** Opening RAW DATA block **
Theorem theorem1 (R : realType) (d : measure_display) (Omega : measurableType d)
  (P : probability Omega R) (N K T : nat)
  (kappa g : 'I_N -> 'I_K -> 'I_T -> R)
  (h : 'I_N -> 'I_K -> 'I_T -> {RV P >-> R})
  (delta2 pbar ubar : R) (taubar eps : nat) :
  (0 < N)%N -> (0 < K)%N -> (0 < T)%N ->
  (forall n k t, 0 < kappa n k t) -> (forall n k t, 0 < g n k t) ->
  (forall n k t, gamma_distributed (h n k t) (kappa n k t) (g n k t / kappa n k t)) ->
  0 < delta2 -> 0 < pbar -> 0 < ubar -> (0 < taubar)%N -> (0 < eps)%N ->
  P3_value delta2 pbar ubar taubar eps h = P31_value delta2 pbar ubar taubar eps h /\
  forall (I : nat) (ts : nat -> nat)
         (sa : nat -> 'I_N -> 'I_K -> 'I_T -> bool)
         (sp : nat -> 'I_N -> 'I_K -> 'I_T -> R),
    in_Upsilon T taubar I ts ->
    P31_objective delta2 pbar ubar eps h I ts = P31_value delta2 pbar ubar taubar eps h ->
    (forall i, (i <= I)%N ->
       P32_feasible delta2 pbar ubar eps h (ts i) (ts i.+1) (sa i) (sp i) /\
       (energy_on (ts i) (ts i.+1) (sa i) (sp i))%:E
         = Estar delta2 pbar ubar eps h (ts i) (ts i.+1)) ->
    P3_feasible delta2 pbar ubar taubar eps h
      (glue_alloc I ts sa) (glue_power I ts sp) I ts /\
    (energy (glue_alloc I ts sa) (glue_power I ts sp))%:E
      = P3_value delta2 pbar ubar taubar eps h.
Proof.
move=> *.
have values_eq : P3_value delta2 pbar ubar taubar eps h = P31_value delta2 pbar ubar taubar eps h.
  by apply/eqP; rewrite eq_le P3_value_le_P31_value P31_value_le_P3_value.
split=> // I ts sa sp ts_Ups opt sol.
split; first by apply: glue_feasible => // i; case: (sol i (ltn_ord i)).
rewrite (glue_energy ts_Ups) -sumEFin values_eq -opt; apply: eq_bigr => i _.
by case: (sol i (ltn_ord i)).
Qed.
** Closing RAW DATA block **
• [EXERCISE]: Retype the portion of the data above that starts on the line with "in_Upsilon T taubar I ts ->" and finishes on the line with "split=> // I ts sa sp ts_Ups opt sol.", including both of those lines.

• [SOLUTION TO THE PROBLEM]:
    in_Upsilon T taubar I ts ->
    P31_objective delta2 pbar ubar eps h I ts = P31_value delta2 pbar ubar taubar eps h ->
    (forall i, (i <= I)%N ->
       P32_feasible delta2 pbar ubar eps h (ts i) (ts i.+1) (sa i) (sp i) /\
       (energy_on (ts i) (ts i.+1) (sa i) (sp i))%:E
         = Estar delta2 pbar ubar eps h (ts i) (ts i.+1)) ->
    P3_feasible delta2 pbar ubar taubar eps h
      (glue_alloc I ts sa) (glue_power I ts sp) I ts /\
    (energy (glue_alloc I ts sa) (glue_power I ts sp))%:E
      = P3_value delta2 pbar ubar taubar eps h.
Proof.
move=> *.
have values_eq : P3_value delta2 pbar ubar taubar eps h = P31_value delta2 pbar ubar taubar eps h.
  by apply/eqP; rewrite eq_le P3_value_le_P31_value P31_value_le_P3_value.
split=> // I ts sa sp ts_Ups opt sol.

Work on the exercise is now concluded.